Increased expenses results in TVA quarterly loss
by Wally Northway
Published: February 3,2011
NORTH MISSISSIPPI — Unseasonably cold temperatures in December led to increased demand for electricity from the Tennessee Valley Authority, which drove up operating costs and resulted in a net loss during the first quarter of the 2011 fiscal year, TVA reports.
The federal utility recorded a net loss of $48 million for the three-month period, which ended Dec. 31, as part of its Form 10-Q filing with the Securities and Exchange Commission. TVA said the loss, compared to net income for reinvestment of $150 million in the first quarter of the 2010 fiscal year, was attributed mainly to a 17 percent increase in operating and maintenance expenses over the prior year.
Those expenses included maintenance projects at various plants to improve reliability, security upgrades, benefit expenses, support for energy efficiency and demand response initiatives, and costs related to unexpected outages at two nuclear plants in December.
Fuel and power purchased from other utilities to meet peak demand totaled more than $1 billion in the first quarter, compared with $608 million in the same period last year.
The cost of fuel for TVA’s own generating sources jumped 13 percent during the quarter from a year ago. Expenses also increased because TVA generated 45 percent less hydroelectric power during the period. TVA purchased 31 percent more power during the quarter than a year ago.
“By not increasing base prices, TVA expected to have a slight net operating loss in the first quarter,” CFO John Thomas said. “As sales increase during the winter and summer months, we will return to a positive net income, to be reinvested in the power system.”
Colder-than-normal weather in December boosted sales of electricity by 2 percent for the quarter. The increase was primarily in sales to residential customers as TVA set all-time records for the month of December in both 24-hour usage and peak demand.

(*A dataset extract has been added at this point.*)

(* Let $a,b,c$ be positive numbers with $a<b<c$ and $b-a<c_0<a$, where $c_0=c-\lfloor c/b\rfloor b$. Then $$\mathcal D_{a,b,c}=\Big(\mathcal S_{a,b,c}\cap([0,c_0+a-b)+a\mathbb Z)\cap(\mathcal S_{a,b,c}-\lfloor c/b\rfloor b)\Big)\cup\Big(\mathcal S_{a,b,c}\cap\bigcup_{\lambda\in b\mathbb Z\cap[b,(\lfloor c/b\rfloor-1)b]}(\mathcal S_{a,b,c}-\lambda)\Big).$$
   Context: For $a,b,c>0$ and $t\in\mathbb R$, $\mathbf M_{a,b,c}(t)=(\chi_{[0,c)}(t-\mu+\lambda))_{\mu\in a\mathbb Z,\lambda\in b\mathbb Z}$ is the infinite matrix with rows indexed by $a\mathbb Z$ and columns by $b\mathbb Z$, acting by $(\mathbf M_{a,b,c}(t)\mathbf x)(\mu)=\sum_{\lambda\in b\mathbb Z}\chi_{[0,c)}(t-\mu+\lambda)\mathbf x(\lambda)$. $\mathcal B_b$ is the set of vectors $(\mathbf x(\lambda))_{\lambda\in b\mathbb Z}$ with entries in $\{0,1\}$, and $\mathcal B_b^0=\{\mathbf x\in\mathcal B_b:\mathbf x(0)=1\}$. $\mathbf 1,\mathbf 2$ denote the vectors indexed by $a\mathbb Z$ with all entries $1$, resp. $2$. $\mathcal D_{a,b,c}=\{t:\mathbf M_{a,b,c}(t)\mathbf x=\mathbf 2\text{ for some }\mathbf x\in\mathcal B_b^0\}$, $\mathcal S_{a,b,c}=\{t:\mathbf M_{a,b,c}(t)\mathbf x=\mathbf 1\text{ for some }\mathbf x\in\mathcal B_b^0\}$. For $A\subset\mathbb R$, $A-r=\{x-r:x\in A\}$ and $A+a\mathbb Z=\{x+ak:x\in A,k\in\mathbb Z\}$. *)

From Stdlib Require Export Reals List ZArith.
Open Scope R_scope.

Operating revenues in the first quarter were up $479 million, or 20 percent, to $2.8 billion as compared to $2.3 billion a year ago. While base power rates did not change, revenues rose, mainly because of increases in the fuel cost adjustment, a monthly charge that allows TVA to recover the cost of various types of fuel, including coal and natural gas. The fuel cost adjustment produced $457 million in revenues to help offset increases in fuel and power purchases during the quarter.